The Hundred and One Dalmatians
- First edition cover
- Author: Dodie Smith
- Original title: The Great Dog Robbery
- Illustrator: Janet and Anne Grahame Johnstone
- Language: English
- Genre: Children's novel
- Publisher: Heinemann (United Kingdom) Viking Press (United States)
- Publication date: 1956
- Publication place: United Kingdom
- Media type: Print (hardback & paperback)
- Pages: 199
- OCLC: 1111487296
- Followed by: The Starlight Barking (1967)

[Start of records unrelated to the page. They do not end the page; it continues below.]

(* Let $G=(V,E)$ be a finite graph with positive edge weights $(\theta_e)$, let $z>0$, let $\mathbf{y}(z)\in(0,\infty)^{\vec E}$ be the (unique) solution of $\mathbf{y}(z)=z\mathcal{R}_G(\mathbf{y}(z))$, and define for each edge $e$ with orientations $\vec e,-\vec e$ \[ x_e(z)=\frac{\theta_e y_{\vec e}(z)y_{-\vec e}(z)}{z+\theta_e y_{\vec e}(z)y_{-\vec e}(z)}. \] Then for every edge $e=(uv)\in E$, \[ \frac{x_e(z)(1-x_e(z))}{z}= \theta_e\Big(1-\sum_{e'\in \partial u}x_{e'}(z)\Big)\Big(1-\sum_{e'\in \partial v}x_{e'}(z)\Big). \]
   Context: $\vec E$ contains the two orientations $u\to v$, $v\to u$ of each edge $uv$. $\mathcal{R}_G(\mathbf{a})_{u\to v}=(1+\sum_{w\in\partial u\setminus v}\theta_{wu}a_{w\to u})^{-1}$, where $\partial u\setminus v$ is the set of neighbours of $u$ other than $v$ and empty sums are $0$; $z\mathcal{R}_G$ multiplies each component by $z$. $\partial u$ denotes the set of edges incident to $u$. *)

From mathcomp Require Import all_boot all_order all_algebra.
Set Implicit Arguments. Unset Strict Implicit. Unset Printing Implicit Defensive.
Import Order.TTheory GRing.Theory Num.Theory.
Local Open Scope ring_scope.

(* Oriented edge u -> v is the pair (u, v) with adj u v.
   Edge weights: theta : T -> T -> R, symmetric, positive on edges.
   A vector a in R^{\vec E} is a function a : T -> T -> R, where a u v is the
   value on u -> v (values on non-edges are irrelevant). *)

Definition simple_graph (T : finType) (adj : rel T) : Prop :=
  symmetric adj /\ irreflexive adj.

Definition RG (R : realFieldType) (T : finType) (adj : rel T)
    (theta : T -> T -> R) (a : T -> T -> R) (u v : T) : R :=
  (1 + \sum_(w | adj w u && (w != v)) theta w u * a w u)^-1.

Definition is_fixed_point (R : realFieldType) (T : finType) (adj : rel T)
    (theta : T -> T -> R) (z : R) (y : T -> T -> R) : Prop :=
  forall u v, adj u v -> 0 < y u v /\ y u v = z * RG adj theta y u v.

Definition xe (R : realFieldType) (T : finType)
    (theta : T -> T -> R) (z : R) (y : T -> T -> R) (u v : T) : R :=
  theta u v * y u v * y v u / (z + theta u v * y u v * y v u).

From mathcomp Require Import all_boot all_order all_algebra.
From mathcomp Require Import ring.
Import Order.TTheory GRing.Theory Num.Theory.
Set Implicit Arguments. Unset Strict Implicit. Unset Printing Implicit Defensive.
Local Open Scope ring_scope.

(* Writing S_u for the weighted inflow sum_{w ~ u} theta_wu y_{w->u}, the
   fixed-point equation says z = y_{u->v} (1 + S_u - theta_uv y_{v->u}), i.e.
   z + theta_uv y_{u->v} y_{v->u} = y_{u->v} (1 + S_u) = y_{v->u} (1 + S_v).
   Hence x_e = theta_uv y_{v->u} / (1 + S_u), the x's around u sum to
   S_u / (1 + S_u), and with P = theta_uv y_{u->v} y_{v->u} both sides equal
   P / (z + P)^2 = theta_uv / ((1 + S_u) (1 + S_v)). *)

Lemma frac_mul_one_sub_frac (F : fieldType) (z P : F) :
  z != 0 -> z + P != 0 ->
  P / (z + P) * (1 - P / (z + P)) / z = P / (z + P) ^+ 2.
Proof. by move=> z0 zP0; field; apply/andP. Qed.

Section FixedPoint.

Variables (R : realFieldType) (T : finType) (adj : rel T).
Variables (theta : T -> T -> R) (z : R) (y : T -> T -> R).
Hypothesis adj_sym : symmetric adj.
Hypothesis theta_sym : forall u v, theta u v = theta v u.
Hypothesis theta_gt0 : forall u v, adj u v -> 0 < theta u v.
Hypothesis fixed_y : is_fixed_point adj theta z y.

Definition inflow (u : T) : R := \sum_(w | adj w u) theta w u * y w u.

Lemma y_gt0 u v : adj u v -> 0 < y u v.
Proof. by case/fixed_y. Qed.

Lemma y_neq0 u v : adj u v -> y u v != 0.
Proof. by move/y_gt0/lt0r_neq0. Qed.

Lemma inflow_term_ge0 u w : adj w u -> 0 <= theta w u * y w u.
Proof. by move=> hwu; rewrite ltW // mulr_gt0 ?theta_gt0 ?y_gt0. Qed.

Lemma one_add_inflow_gt0 u : 0 < 1 + inflow u.
Proof. by rewrite ltr_pwDl // sumr_ge0 // => w; apply: inflow_term_ge0. Qed.

Lemma one_add_inflow_neq0 u : 1 + inflow u != 0.
Proof. exact/lt0r_neq0/one_add_inflow_gt0. Qed.

Lemma fixed_point_inflow u v : adj u v ->
  z = y u v * (1 + inflow u - theta v u * y v u).
Proof.
move=> huv; have [_ yE] := fixed_y huv.
have hvu : adj v u by rewrite adj_sym.
have -> : 1 + inflow u - theta v u * y v u =
          1 + \sum_(w | adj w u && (w != v)) theta w u * y w u.
  by rewrite /inflow (bigD1 v) //=; ring.
have RG0 : 1 + \sum_(w | adj w u && (w != v)) theta w u * y w u != 0.
  rewrite lt0r_neq0 // ltr_pwDl // sumr_ge0 // => w /andP[hwu _].
  exact: inflow_term_ge0.
by rewrite {1}yE /RG -mulrA mulVf ?mulr1.
Qed.

Lemma xe_denomE u v : adj u v ->
  z + theta u v * y u v * y v u = y u v * (1 + inflow u).
Proof. by move=> huv; rewrite (fixed_point_inflow huv) theta_sym; ring. Qed.

Lemma xeE u v : adj u v -> xe theta z y u v = theta v u * y v u / (1 + inflow u).
Proof.
move=> huv; rewrite /xe xe_denomE // theta_sym.
by field; rewrite y_neq0 ?one_add_inflow_neq0.
Qed.

Lemma one_sub_sum_xe u :
  1 - \sum_(w | adj u w) xe theta z y u w = (1 + inflow u)^-1.
Proof.
have S0 := one_add_inflow_neq0 u.
rewrite (eq_bigr _ (fun w => xeE (u := u) (v := w))) -mulr_suml.
rewrite (eq_bigl (fun w => adj w u)) => [|w]; last by rewrite adj_sym.
by rewrite -/(inflow u); field.
Qed.

Lemma xe_denom_sym u v : adj u v ->
  z + theta u v * y u v * y v u = y v u * (1 + inflow v).
Proof. by move=> huv; rewrite -xe_denomE 1?adj_sym // theta_sym mulrAC. Qed.

Lemma xe_mul_one_sub_xe u v : 0 < z -> adj u v ->
  xe theta z y u v * (1 - xe theta z y u v) / z =
  theta u v / ((1 + inflow u) * (1 + inflow v)).
Proof.
move=> z_gt0 huv; have hvu : adj v u by rewrite adj_sym.
have denom0 : z + theta u v * y u v * y v u != 0.
  by rewrite xe_denomE // mulf_neq0 ?y_neq0 ?one_add_inflow_neq0.
rewrite /xe (frac_mul_one_sub_frac (lt0r_neq0 z_gt0) denom0) expr2.
rewrite {1}xe_denomE // xe_denom_sym //.
by field; rewrite !one_add_inflow_neq0 !y_neq0.
Qed.

End FixedPoint.

Theorem lemma4p16 (R : realFieldType) (T : finType) (adj : rel T)
    (theta : T -> T -> R) (z : R) (y : T -> T -> R) :
  simple_graph adj ->
  (forall u v, theta u v = theta v u) ->
  (forall u v, adj u v -> 0 < theta u v) ->
  0 < z ->
  is_fixed_point adj theta z y ->
  forall u v, adj u v ->
    xe theta z y u v * (1 - xe theta z y u v) / z =
    theta u v * (1 - \sum_(w | adj u w) xe theta z y u w)
              * (1 - \sum_(w | adj v w) xe theta z y v w).
Proof.
move=> [adj_sym _] theta_sym theta_gt0 z_gt0 fixed_y u v huv.
rewrite (xe_mul_one_sub_xe adj_sym theta_sym theta_gt0 fixed_y z_gt0 huv).
by rewrite !(one_sub_sum_xe adj_sym theta_sym theta_gt0 fixed_y) invfM mulrA.
Qed.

= The Hundred and One Dalmatians =

1956 children's novel by Dodie Smith

The Hundred and One Dalmatians is a 1956 children's novel by Dodie Smith about the kidnapping of a family of Dalmatian puppies. It was originally serialised in Woman's Day as The Great Dog Robbery, and details the adventures of two dalmatians named Pongo and Missis as they rescue their puppies from a fur farm. A 1967 sequel, The Starlight Barking, continues from the end of the novel.

==Plot summary==
Dalmatians Pongo and Missis live with the newly married Mr. and Mrs. Dearly and their two nannies, Nanny Cook and Nanny Butler. Mr. Dearly is a "financial wizard" who has been granted lifelong tax exemption and lent a house on the Outer Circle in Regent's Park in return for wiping out the government debt. The dogs consider the humans their pets but allow them to think that they are the owners.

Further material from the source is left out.